Suitable quaternized amido imidazolines may be obtained, for example, by heating the alkoxylated product of the reaction product of an amine and a fatty acid or triglyceride as described for amido alkoxylated quaternary ammonium compounds to effect ring closure to the imidazoline. This is then quaternized by reaction with an alkylating agent, for example, dimethyl sulfate. An example of a quaternized amido imidazoline compound is 2-heptadecyl-1-methyl-1-(2′-stearoyl amidoethyl)-imidazolinium methyl sulfate.
Suitable polyamine salts and polyalkylene imine salts include, for example,
An example of a suitable alkyl pyridinium salt is cetyl pyridinium chloride.
The fatty materials that may be employed in the compositions and methods of the invention are well-known substances and have been widely described in the technical literature, see for example, J. Am. Oil Chemists Soc., January 1978 (Volume 55), pages 118-121 and Chemistry and Industry, Jul. 5, 1969, pages 893-903, the disclosures of which are hereby incorporated herein by reference in their entirety.
The hydrophilic, water-soluble or water-dispersible polyorganosiloxanes having substituents that may be useful in the compositions and methods of the invention include linear or substantially linear siloxane polymers having at least about 5% by weight, based on the total weight of said substituents, of non-terminal hydroxyl groups. The average number of non-terminal hydroxyl groups per silicon atom may be determined using 29Si-NMR spectroscopy. The non-terminal hydroxyl groups may be bonded directly to the silicon atom. Alternatively, the non-terminal hydroxyl group may be bonded to a pendant group attached to the silicon atom.

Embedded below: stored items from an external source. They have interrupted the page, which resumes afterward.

(* Let $\mathcal D$ be a monoidal category and $(C,\sigma)$ a cotensorable cocommutative lax central coalgebra of $\mathcal D$. Then the comonoidal adjunction $(V\colon{}^C_\sigma\mathrm{Comod}\to\mathcal D,\ R\colon\mathcal D\to{}^C_\sigma\mathrm{Comod})$ is a left Hopf adjunction, and its induced lax central coalgebra (as in: $F(\mathbb 1)$ with half-braiding $\mathbb H^r_{-,\mathbb 1}(\mathbb H^l_{\mathbb 1,-})^{-1}$) is $(C,\sigma)$. If moreover $\sigma$ is invertible, $(V,R)$ is a Hopf adjunction.
   Context: Monoidal categories are strict. A lax half-braiding for $C$ is a natural transformation $\sigma_X\colon C\otimes X\to X\otimes C$ with $\sigma_{Y\otimes Z}=(Y\otimes\sigma_Z)(\sigma_Y\otimes Z)$, $\sigma_{\mathbb 1}=\mathrm{id}$. A lax central coalgebra $(C,\sigma)$ is a coalgebra $(C,\Delta,\varepsilon)$ in the lax center of $\mathcal D$ (i.e. $\Delta,\varepsilon$ are morphisms of lax half-braidings, where $(C,\sigma)\otimes(C,\sigma)$ has half-braiding $(\sigma\otimes C)(C\otimes\sigma)$); it is cocommutative if $\sigma_C\Delta=\Delta$. It is cotensorable if for any left $C$-comodules $(M,\delta)$, $(N,\delta')$ in $\mathcal D$ the coreflexive pair $\sigma_M\delta\otimes N,\ M\otimes\delta'\colon M\otimes N\rightrightarrows M\otimes C\otimes N$ has an equalizer $M\square^\sigma_C N\to M\otimes N$, preserved by $C\otimes ?$. Then $M\square^\sigma_C N$ carries a unique left coaction making the equalizer map a comodule map into $(M\otimes N,\delta\otimes N)$, and ${}^C_\sigma\mathrm{Comod}$ denotes the monoidal category of left $C$-comodules with product $\square^\sigma_C$ and unit $(C,\Delta)$. $V$ is the forgetful functor and $R(X)=(C\otimes X,\Delta\otimes X)$ the cofree comodule functor, which is strong monoidal, making $(V,R)$ a comonoidal adjunction (with comonad $C\otimes ?$). For a comonoidal adjunction $(F,U)$ (unit $\eta$, counit $\varepsilon$, $F_2(X,Y)\colon F(X\otimes Y)\to FX\otimes FY$), the Hopf operators are $\mathbb H^l_{c,d}=(Fc\otimes\varepsilon_d)F_2(c,Ud)$ and $\mathbb H^r_{d,c}=(\varepsilon_d\otimes Fc)F_2(Ud,c)$; it is a left Hopf adjunction if $\mathbb H^l$ is invertible, a Hopf adjunction if both are. *)

Record MonData := {
  ob : Type;
  hom : ob -> ob -> Type;
  idm : forall a, hom a a;
  comp : forall a b c, hom b c -> hom a b -> hom a c;
  tens : ob -> ob -> ob;
  tensm : forall a b c d, hom a b -> hom c d -> hom (tens a c) (tens b d);
  unit : ob }.

Arguments hom {m} _ _.
Arguments idm {m} a.
Arguments comp {m a b c} _ _.
Arguments tens {m} _ _.
Arguments tensm {m a b c d} _ _.
Arguments unit {m}.

Notation "g ∘ f" := (comp g f) (at level 40, left associativity).
Notation "a ⊗ b" := (tens a b) (at level 30, right associativity).
Notation "f ⊗m g" := (tensm f g) (at level 30, right associativity).

Definition cast {D : MonData} {a b : ob D} (e : a = b) : hom a b :=
  eq_rect a (hom a) (idm a) b e.

Record isStrictMon (D : MonData) : Prop := {
  comp_idl : forall (a b : ob D) (f : hom a b), idm b ∘ f = f;
  comp_idr : forall (a b : ob D) (f : hom a b), f ∘ idm a = f;
  comp_assoc : forall (a b c d : ob D) (f : hom a b) (g : hom b c) (h : hom c d),
      h ∘ (g ∘ f) = (h ∘ g) ∘ f;
  tensm_id : forall a b : ob D, idm a ⊗m idm b = idm (a ⊗ b);
  tensm_comp : forall (a b c a' b' c' : ob D) (f : hom a b) (g : hom b c)
      (f' : hom a' b') (g' : hom b' c'),
      (g ∘ f) ⊗m (g' ∘ f') = (g ⊗m g') ∘ (f ⊗m f');
  tens_assoc : forall a b c : ob D, (a ⊗ b) ⊗ c = a ⊗ (b ⊗ c);
  tens_unitl : forall a : ob D, unit ⊗ a = a;
  tens_unitr : forall a : ob D, a ⊗ unit = a;
  tensm_assoc : forall (a b c a' b' c' : ob D) (f : hom a a') (g : hom b b')
      (h : hom c c'),
      cast (tens_assoc a' b' c') ∘ ((f ⊗m g) ⊗m h)
      = (f ⊗m (g ⊗m h)) ∘ cast (tens_assoc a b c);
  tensm_unitl : forall (a b : ob D) (f : hom a b),
      cast (tens_unitl b) ∘ (idm unit ⊗m f) = f ∘ cast (tens_unitl a);
  tensm_unitr : forall (a b : ob D) (f : hom a b),
      cast (tens_unitr b) ∘ (f ⊗m idm unit) = f ∘ cast (tens_unitr a) }.

Section Defs.
Context {D : MonData} (HD : isStrictMon D).

Definition is_iso {a b : ob D} (f : hom a b) : Prop :=
  exists g : hom b a, g ∘ f = idm a /\ f ∘ g = idm b.

Definition is_equalizer {E A B : ob D} (f g : hom A B) (e : hom E A) : Prop :=
  f ∘ e = g ∘ e /\
  forall (Z : ob D) (h : hom Z A), f ∘ h = g ∘ h ->
    exists u : hom Z E, e ∘ u = h /\ forall u' : hom Z E, e ∘ u' = h -> u' = u.

Let A := tens_assoc D HD.
Let UL := tens_unitl D HD.
Let UR := tens_unitr D HD.

Variable C : ob D.

Definition is_lax_half_braiding (sigma : forall X : ob D, hom (C ⊗ X) (X ⊗ C)) : Prop :=
  (forall (X Y : ob D) (f : hom X Y), (f ⊗m idm C) ∘ sigma X = sigma Y ∘ (idm C ⊗m f)) /\
  (forall Y Z : ob D,
     sigma (Y ⊗ Z) = cast (eq_sym (A Y Z C)) ∘ (idm Y ⊗m sigma Z) ∘ cast (A Y C Z)
                     ∘ (sigma Y ⊗m idm Z) ∘ cast (eq_sym (A C Y Z))) /\
  sigma unit = cast (eq_trans (UR C) (eq_sym (UL C))).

As used herein, the term “water-soluble polyorganosiloxane” means a polyorganosiloxane having a water solubility at about 20° C. to about 50° C. of at least about 200 millimoles/liter in water. Such water-soluble polyorganosiloxanes form clear solutions upon addition to water, as observed visually by the naked eye. As used herein, the term “water-dispersible polyorganosiloxane” means a polyorganosiloxane having a water solubility at about 20° C. to about 50° C. of less than about 200 millimoles/liter in water. Such water-soluble polyorganosiloxanes form slightly turbid or slightly cloudy solutions upon addition to water, as observed visually by the naked eye.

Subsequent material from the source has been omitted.